Hasan Doğan: Goran’ın Peşmergelerine siperleri bırakması için talimat gönderdiği söyleniyor...
Hick kimse bir partinin siyaseti doğrultusunda Kürdistan savunmasını bırakmaz!
Aziz Weysi: Göndersinler. Bunu ciddiye alacak bir Peşmerge olabileceğine inanmıyorum. Kürdistan için çalışan bir peşmergenin, bir partinin “işini bırak” deyişine kulak vermesi mümkün değildir. Hiç kimse bir partinin siyaseti doğrultusunda Kürdistan savunmasını bırakmaz. Ben KDP’liyim, ama Peşmerge Bakanımız Goran hareketindendir. Bunun için ne birbirimize saygısızlık ederiz, ne de ben onun emirlerini yerine getirmezlik etmem. Askerlik budur. Bu söylenenler bazı çevrelerin propagandası da olabilir. Ama gerçek de olsa, kendisine Peşmergeyim diyen hiç kimse bu tür şeylere değer vermez. Gönüllü olarak siperlere gidenler için birşey diyemem. Ama peşmerge ordusu sistemi içinde görevli olan hiç kimse bu tür birşeyi kabul etmez.
Hasan Doğan: Peşmerge Bakanı bu süreçte ne yapmalıydı sizce?
Peşmergenin istikrarlı savaşını desteklemek için açıklamalar yapmalıydı!

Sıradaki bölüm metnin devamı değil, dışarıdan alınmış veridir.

Lemma commutator_E_Fpow k : E * F ^+ k.+1 - F ^+ k.+1 * E =
  k.+1%:R *: (F ^+ k * H) + (c * 'C(k.+1, 2)%:R) *: F ^+ k.
Proof.
elim: k => [|k IH]; first by rewrite expr1 EF expr0 mul1r bin_small // mulr0 scale0r addr0 scale1r.
rewrite [F ^+ k.+2]exprSr commutatorMr IH EF mulrDl -!scalerAl -mulrA HF_swap.
rewrite mulrDr mulrA -exprSr -scalerAr -exprSr scalerDr scalerA -!addrA.
set X := F ^+ k.+1 * H; set Y := F ^+ k.+1.
have -> : (c * 'C(k.+2, 2)%:R) *: Y = (c * 'C(k.+1, 2)%:R) *: Y + (k.+1%:R * c) *: Y.
  by rewrite binS bin1 natrD mulrDr scalerDl (mulrC c k.+1%:R).
have -> : k.+2%:R *: X = k.+1%:R *: X + X by rewrite mulrSr scalerDl scale1r.
by rewrite -addrA; congr (_ + _); rewrite addrC addrA (addrC X).
Qed.

Let sl2_imageSpow k : (0 < k)%N ->
  (forall u, W (F ^+ k.+1 *m u)) -> forall u, W (F ^+ k *m u).
Proof.
move=> k0 WFk1 u; set g := c * 'C(k.+1, 2)%:R.
have g0 : g != 0 by rewrite mulf_neq0 // pnatr_eq0 -lt0n bin_gt0.
have HFk : H * F ^+ k = F ^+ k * H + (k%:R * c) *: F ^+ k.
  by rewrite -commutator_H_Fpow addrC subrK.
have gFk : g *: F ^+ k = k.+1%:R *: (H * F ^+ k) - (E * F ^+ k.+1 - F ^+ k.+1 * E).
  rewrite commutator_E_Fpow HFk scalerDr scalerA opprD addrACA subrr add0r -scalerBl.
  have k2 : (k.+1 * k = 2 * 'C(k.+1, 2))%N by rewrite -(mul_bin_diag k.+1 1) bin1.
  by rewrite mulrA -natrM k2 natrM /g; congr (_ *: _); ring.
have -> : F ^+ k *m u = g^-1 *: (g *: F ^+ k *m u) by rewrite -scalemxAl scalerA mulVf ?scale1r.
apply: subspaceZ => //; rewrite gFk !mulmxBl -scalemxAl -!mulmxE -!mulmxA.
by apply: subspaceB; [|apply: subspaceZ|apply: subspaceB].
Qed.

Lemma sl2_imageS u : W (F *m u).
Proof.
have := nilpotent_of_commutator_scaled c0 HF; set N := _.-1 => FN.
suff Wpow j k : (N <= j + k)%N -> (0 < k)%N -> forall u, W (F ^+ k *m u).
  by rewrite -[F]expr1; apply: (Wpow N); rewrite ?leq_addr.
elim: j k => [|j IH] k; rewrite ?add0n => Njk k0 v.
  by rewrite -(subnK Njk) exprD FN mulr0 mul0mx; apply: subspace0.
by apply: sl2_imageSpow => // w; apply: IH; rewrite // -addSnnS.
Qed.

End Sl2Triple.

Lemma sl2_image (R : realType) m (E F H : 'M[R]_m) (c : R) (W : 'cV[R]_m -> Prop) :
  c != 0 -> E *m F - F *m E = H -> H *m F - F *m H = c *: F ->
  subspace W -> (forall u, W (E *m u)) -> (forall u, W (H *m u)) ->
  forall u, W (F *m u).
Proof.
case: m E F H W => [|m] E F H W c0 EF HF sW WE WH u.
  by rewrite flatmx0; apply: subspace0.
exact: (sl2_imageS c0 EF HF sW WE WH).
Qed.

Lemma rowspace_cover (F : fieldType) n (S : 'rV[F]_n -> Prop) :
  exists k (M : 'M[F]_(k, n)), (forall i, S (row i M)) /\ forall h, S h -> (h <= M)%MS.
Proof.
suff: forall d k (M : 'M[F]_(k, n)), (n - \rank M <= d)%N -> (forall i, S (row i M)) ->
    exists k (M : 'M[F]_(k, n)), (forall i, S (row i M)) /\ forall h, S h -> (h <= M)%MS.
  by move/(_ n 0%N 0); apply; [rewrite leq_subr | case].
elim=> [|d IH] k M dM SM.
  exists k, M; split => // h _; apply: submx_full.
  by rewrite /row_full eqn_leq rank_leq_col -subn_eq0 -leqn0.
have [MS|/existsNP[h /not_implyP[Sh /negP hM]]] := pselect (forall h, S h -> (h <= M)%MS).
  by exists k, M.
have ltM : (\rank M < \rank (col_mx M h))%N.
  rewrite -addsmxE (ltn_leqif (mxrank_leqif_sup (addsmxSl M h))).
  by apply: contra hM => /(submx_trans (addsmxSr M h)).
apply: (IH _ (col_mx M h)) => [|i].
  by move: dM (rank_leq_col (col_mx M h)); lia.
by rewrite -(splitK i); case: (split i) => j /=; rewrite ?rowKu ?rowKd ?row_id.
Qed.

Section LieAlgebra.
Variables (R : realType) (n : nat).
Local Notation L := 'rV[R]_n.
Variable br : L -> L -> L.
Hypothesis br_lie : is_lie_bracket br.

Let br_linearl a x y z : br (a *: x + y) z = a *: br x z + br y z.
Proof. by case: br_lie. Qed.
Let br_linearr a x y z : br z (a *: x + y) = a *: br z x + br z y.
Proof. by case: br_lie. Qed.

Lemma brxx x : br x x = 0. Proof. by case: br_lie. Qed.
Lemma br_jacobi x y z : br x (br y z) + br y (br z x) + br z (br x y) = 0.
Proof. by case: br_lie. Qed.

Lemma br0l z : br 0 z = 0.
Proof.
have := br_linearl 1 0 0 z; rewrite scaler0 addr0 scale1r => e.
by apply: (addrI (br 0 z)); rewrite addr0 -e.
Qed.
Lemma br0r z : br z 0 = 0.
Proof.
have := br_linearr 1 0 0 z; rewrite scaler0 addr0 scale1r => e.
by apply: (addrI (br z 0)); rewrite addr0 -e.
Qed.
Lemma brDl x y z : br (x + y) z = br x z + br y z.
Proof. by rewrite -[x]scale1r br_linearl !scale1r. Qed.
Lemma brDr x y z : br z (x + y) = br z x + br z y.
Proof. by rewrite -[x]scale1r br_linearr !scale1r. Qed.
Lemma brZl a x z : br (a *: x) z = a *: br x z.
Proof. by rewrite -[a *: x]addr0 br_linearl br0l addr0. Qed.
Lemma brZr a x z : br z (a *: x) = a *: br z x.
Proof. by rewrite -[a *: x]addr0 br_linearr br0r addr0. Qed.
Lemma brNl x z : br (- x) z = - br x z.
Proof. by rewrite -scaleN1r brZl scaleN1r. Qed.
Lemma brNr x z : br z (- x) = - br z x.
Proof. by rewrite -scaleN1r brZr scaleN1r. Qed.
Lemma brBr x y z : br z (x - y) = br z x - br z y.
Proof. by rewrite brDr brNr. Qed.

Lemma br_anticomm x y : br x y = - br y x.
Proof.
apply/eqP; rewrite -addr_eq0; apply/eqP.
by have := brxx (x + y); rewrite brDl !brDr !brxx add0r addr0.
Qed.

Lemma br_suml k (c : 'I_k -> R) (w : 'I_k -> L) z :
  br (\sum_(i < k) c i *: w i) z = \sum_(i < k) c i *: br (w i) z.
Proof. by elim/big_rec2: _ => [|i y x _ <-]; rewrite ?br0l // brDl brZl. Qed.

Lemma br_sumr k (c : 'I_k -> R) (w : 'I_k -> L) z :
  br z (\sum_(i < k) c i *: w i) = \sum_(i < k) c i *: br z (w i).
Proof. by elim/big_rec2: _ => [|i y x _ <-]; rewrite ?br0r // brDr brZr. Qed.

Lemma ad_mxE x v : v *m ad_mx br x = br x v.
Proof.
rewrite {2}(row_sum_delta v) br_sumr; apply/rowP => j.
by rewrite !mxE summxE; apply: eq_bigr => i _; rewrite !mxE.
Qed.

Let row_mx_ext (M N : 'M[R]_n) : (forall v : L, v *m M = v *m N) -> M = N.
Proof. by move=> MN; apply/row_matrixP => i; rewrite !rowE MN. Qed.

Lemma ad_mx_linear a x y : ad_mx br (a *: x + y) = a *: ad_mx br x + ad_mx br y.
Proof. by apply: row_mx_ext => v; rewrite mulmxDr -scalemxAr !ad_mxE br_linearl. Qed.

Lemma ad_mx_br x y :
  ad_mx br (br x y) = ad_mx br y *m ad_mx br x - ad_mx br x *m ad_mx br y.
Proof.
apply: row_mx_ext => v; rewrite mulmxBr !mulmxA !ad_mxE.
rewrite (br_anticomm (br x y)) (br_anticomm x v) brNr opprK.
by apply/eqP; rewrite eqr_oppLR -addr_eq0 addrA br_jacobi.
Qed.

Local Notation K := (killing br).

Lemma killingC x y : K x y = K y x.
Proof. exact: mxtrace_mulC. Qed.

Lemma killing_linearl a x y z : K (a *: x + y) z = a * K x z + K y z.
Proof. by rewrite /killing ad_mx_linear mulmxDl -scalemxAl mxtraceD mxtraceZ. Qed.

Lemma killing0l z : K 0 z = 0.
Proof. by have := killing_linearl 1 0 0 z; rewrite scaler0 addr0 mul1r => ?; lra. Qed.

Lemma killingZl a x z : K (a *: x) z = a * K x z.
Proof. by rewrite -[a *: x]addr0 killing_linearl killing0l addr0. Qed.

Lemma killingNl x z : K (- x) z = - K x z.
Proof. by rewrite -scaleN1r killingZl mulN1r. Qed.

Lemma killing_invariant x y z : K (br x y) z = K x (br y z).
Proof.
rewrite /killing !ad_mx_br mulmxBl mulmxBr !linearB /=; congr (_ - _).
  by rewrite -mulmxA mxtrace_mulC mulmxA.
by rewrite mulmxA.
Qed.

Variable Th : 'M[R]_n.
Hypothesis Th_cartan : cartan_involution br Th.

Lemma cartan_sqr : Th *m Th = 1%:M.
Proof. by case: Th_cartan. Qed.

Lemma cartanK m (x : 'M[R]_(m, n)) : x *m Th *m Th = x.
Proof. by rewrite -mulmxA cartan_sqr mulmx1. Qed.

Lemma br_cartan x y : br (x *m Th) (y *m Th) = br x y *m Th.
Proof. by case: Th_cartan. Qed.

Lemma ad_mx_cartan x : ad_mx br (x *m Th) = Th *m ad_mx br x *m Th.
Proof. by apply: row_mx_ext => v; rewrite !mulmxA !ad_mxE -br_cartan cartanK. Qed.

Lemma killing_cartan x y : K (x *m Th) (y *m Th) = K x y.
Proof.
rewrite /killing !ad_mx_cartan !mulmxA -(mulmxA _ Th Th) cartan_sqr mulmx1.
by rewrite -!mulmxA mxtrace_mulC !mulmxA cartanK.
Qed.

Definition cartan_form x y := - K x (y *m Th).

Lemma cartan_formC x y : cartan_form x y = cartan_form y x.
Proof. by rewrite /cartan_form -killing_cartan cartanK killingC. Qed.

Lemma cartan_form_linearl a x y z :
  cartan_form (a *: x + y) z = a * cartan_form x z + cartan_form y z.
Proof. by rewrite /cartan_form killing_linearl opprD mulrN. Qed.

Lemma cartan_form_gt0 x : x != 0 -> 0 < cartan_form x x.
Proof. by case: Th_cartan => _ _; apply. Qed.

Lemma br_pspace_cartan h x : pspace Th h -> br h (x *m Th) = - (br h x *m Th).
Proof. by move=> hTh; rewrite -br_cartan hTh brNl opprK. Qed.

Lemma cartan_form_ad_pspace h x y : pspace Th h ->
  cartan_form (br h x) y = cartan_form x (br h y).
Proof.
move=> hTh; rewrite /cartan_form br_anticomm killingNl killing_invariant.
by rewrite br_pspace_cartan // killingC killingNl killingC opprK.
Qed.

Lemma ad_pspace_diagonalizable h : pspace Th h -> diagonalizable (ad_mx br h).
Proof.
move=> hTh; apply: (@selfadjoint_diagonalizable _ _ _ cartan_form).
- exact: cartan_form_linearl.
- exact: cartan_formC.
- exact: cartan_form_gt0.
- by move=> x y; rewrite !ad_mxE; apply: cartan_form_ad_pspace.
Qed.

Variable A : L -> Prop.
Hypothesis A_max : max_abelian_in_p br Th A.

Lemma A_subspace : subspace A. Proof. by case: A_max. Qed.
Lemma A_pspace h : A h -> pspace Th h. Proof. by case: A_max => _ + _ _; apply. Qed.
Lemma A_abelian h h' : A h -> A h' -> br h h' = 0.
Proof. by case: A_max => _ _ + _; apply. Qed.

Lemma centralizer_pspace_in_A z :
  pspace Th z -> (forall h, A h -> br h z = 0) -> A z.
Proof.
move=> zTh zc; case: A_max => _ _ _.
move=> /(_ (fun w => exists h t, A h /\ w = h + t *: z)); apply; last 1 first.
- by exists 0, 1; rewrite add0r scale1r; split=> //; apply: subspace0 A_subspace.
- split; first by exists 0, 0; rewrite scale0r addr0; split=> //; apply: subspace0 A_subspace.
  move=> a _ _ [h1 [t1 [Ah1 ->]]] [h2 [t2 [Ah2 ->]]].
  exists (a *: h1 + h2), (a * t1 + t2); split; first by case: A_subspace => _; apply.
  by rewrite scalerDl scalerDr -scalerA addrACA.
- move=> _ [h [t [Ah ->]]].
  by rewrite /pspace mulmxDl -scalemxAl zTh (A_pspace Ah) scalerN opprD.
- move=> _ _ [h1 [t1 [Ah1 ->]]] [h2 [t2 [Ah2 ->]]].
  rewrite brDl !brDr !brZl !brZr (A_abelian Ah1 Ah2) (zc _ Ah1) brxx.
  by rewrite (br_anticomm z) (zc _ Ah2) oppr0 !scaler0 !addr0.
- by move=> x Ax; exists x, 0; rewrite scale0r addr0.
Qed.

Lemma A_joint_eigenbasis : exists2 P : 'M[R]_n, P \in unitmx &
  forall j h, A h -> exists mu, br h (row j P) = mu *: row j P.
Proof.
have [k [M [AM MA]]] := rowspace_cover A.
have [P Pu /allP Pdiag] : codiagonalizable [seq ad_mx br (row i M) | i <- enum 'I_k].
  apply/codiagonalizableP; split=> [_ _ /mapP[i _ ->] /mapP[j _ ->]|_ /mapP[i _ ->]].
    apply/eqP; rewrite eq_sym -subr_eq0 -ad_mx_br A_abelian //.
    by apply/eqP; apply: row_mx_ext => v; rewrite ad_mxE br0l mulmx0.
  exact/ad_pspace_diagonalizable/A_pspace.
exists P => // j h /MA/submxP[c ->].
have eigen i : exists mu, br (row i M) (row j P) = mu *: row j P.
  have /similar_diagPex[D /(similarP Pu) PMP] := Pdiag _ (map_f _ (mem_enum _ i)).
  exists (D 0 j); have := congr1 (row j) PMP.
  by rewrite row_mul ad_mxE mul_diag_mx => ->; apply/rowP => l; rewrite !mxE.
rewrite mulmx_sum_row br_suml.
have sE : subspace (fun v => exists mu, v = mu *: row j P).
  split; first by exists 0; rewrite scale0r.
  by move=> a _ _ [mx ->] [my ->]; exists (a * mx + my); rewrite scalerDl scalerA.
by have [mu ->] := subspace_sum (fun i => c 0 i) sE eigen; exists mu.
Qed.

Lemma fvalN (lam : 'cV[R]_n) h : fval (- lam) h = - fval lam h.
Proof. by rewrite /fval mulmxN mxE. Qed.

Lemma root_vec_cartan lam x : root_vec br A lam x -> root_vec br A (- lam) (x *m Th).
Proof.
move=> rx h Ah.
by rewrite (br_pspace_cartan _ (A_pspace Ah)) rx // fvalN -scalemxAl scaleNr.
Qed.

Aziz Weysi: Gönül isterdi ki, sayın Peşmerge Bakanı, medyada Başkanlık tartışmasının çığırından çıktığı ve karışıklıkların gerçekleştiği bu zamanlarda, peşmergenin istikrarlı savaşını desteklemek için açıklamalar yapmalıydı. Peşmergelere, demokratik bir toplumda siyasal çelişkilerin normal olduğunu, tartışmaların çıkabileceğini, ama bunun peşmergenin maneviyatını etkilemesine izin vermeyeceklerini anlatmalıydı. Siz düşmanla göğüs göğüsesiniz; siz kendi işinizi yapmaya devam edin ve bırakın siyasiler de kendi işlerini yapsınlar. Oysa ne yazık ki, sayın Peşmerge Bakanı, ki çok saydı duyduğum bir kişidir, bunu yapmadı.